DATA SHOWN:
(* There is an absolute constant $C>0$ such that the following holds for all integers $k\ge 2$ (with $k$ even), all $\gamma\in(0,1]$ and all $\varepsilon\in(0,1]$. If $n\ge C\,k/(\gamma^2\varepsilon^2)$, then there exists a public-coin $\varepsilon$-LDP protocol with $n$ users, in which each user sends a single bit, together with a decision rule for the curator, that is a uniformity tester over $[k]$ with distance parameter $\gamma$. (In this protocol the shared randomness consists of $O(1)$ independent uniformly random subsets $S\subseteq[k]$ of cardinality $k/2$; a user assigned to subset $S$ sends the bit $\mathbf 1\{X\in S\}$ after flipping it with probability $1/(1+e^{\varepsilon})$.)
   Context: For a finite set $\Omega$, $\Delta(\Omega)$ denotes the set of probability distributions on $\Omega$, and $d_{TV}(p,q)=\sup_{S\subseteq\Omega}(p(S)-q(S))=\frac12\|p-q\|_1$. $u$ denotes the uniform distribution on $[k]=\{1,\dots,k\}$. Protocol model: there are $n$ users; user $j$ holds $X_j$, where $X_1,\dots,X_n$ are i.i.d. from an unknown distribution $p$. A public-coin protocol consists of a shared random variable $U$ independent of the samples, and for each user $j$ and each value $v$ of $U$ a channel (Markov kernel) $W_j^{v}$ from the data domain to a finite message set; user $j$ sends $Z_j\sim W_j^{U}(\cdot\mid X_j)$, independently across users given $U$ and the samples; the curator outputs a (possibly randomized) function of $(U,Z_1,\dots,Z_n)$. The protocol is private-coin if $U$ is constant, and symmetric if $W_j^v$ does not depend on $j$. It is $\varepsilon$-LDP if $W_j^v(z\mid x)\le e^{\varepsilon}W_j^v(z\mid x')$ for all $j,v,z,x,x'$. A uniformity tester over $[k]$ with distance parameter $\gamma$ is a protocol whose curator output, for every $p\in\Delta([k])$, equals ``uniform'' with probability at least $2/3$ if $p=u$, and equals ``not uniform'' with probability at least $2/3$ if $d_{TV}(p,u)>\gamma$ (probabilities over samples, shared and private randomness). *)

From Stdlib Require Import Reals List.
Import ListNotations.
Open Scope R_scope.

REQUIRED ACTION:
Exactly reproduce the lines from the one containing "Context: For a" through the end of the records, and only those lines.

RESPONSE TO THIS EXERCISE:
   Context: For a finite set $\Omega$, $\Delta(\Omega)$ denotes the set of probability distributions on $\Omega$, and $d_{TV}(p,q)=\sup_{S\subseteq\Omega}(p(S)-q(S))=\frac12\|p-q\|_1$. $u$ denotes the uniform distribution on $[k]=\{1,\dots,k\}$. Protocol model: there are $n$ users; user $j$ holds $X_j$, where $X_1,\dots,X_n$ are i.i.d. from an unknown distribution $p$. A public-coin protocol consists of a shared random variable $U$ independent of the samples, and for each user $j$ and each value $v$ of $U$ a channel (Markov kernel) $W_j^{v}$ from the data domain to a finite message set; user $j$ sends $Z_j\sim W_j^{U}(\cdot\mid X_j)$, independently across users given $U$ and the samples; the curator outputs a (possibly randomized) function of $(U,Z_1,\dots,Z_n)$. The protocol is private-coin if $U$ is constant, and symmetric if $W_j^v$ does not depend on $j$. It is $\varepsilon$-LDP if $W_j^v(z\mid x)\le e^{\varepsilon}W_j^v(z\mid x')$ for all $j,v,z,x,x'$. A uniformity tester over $[k]$ with distance parameter $\gamma$ is a protocol whose curator output, for every $p\in\Delta([k])$, equals ``uniform'' with probability at least $2/3$ if $p=u$, and equals ``not uniform'' with probability at least $2/3$ if $d_{TV}(p,u)>\gamma$ (probabilities over samples, shared and private randomness). *)

From Stdlib Require Import Reals List.
Import ListNotations.
Open Scope R_scope.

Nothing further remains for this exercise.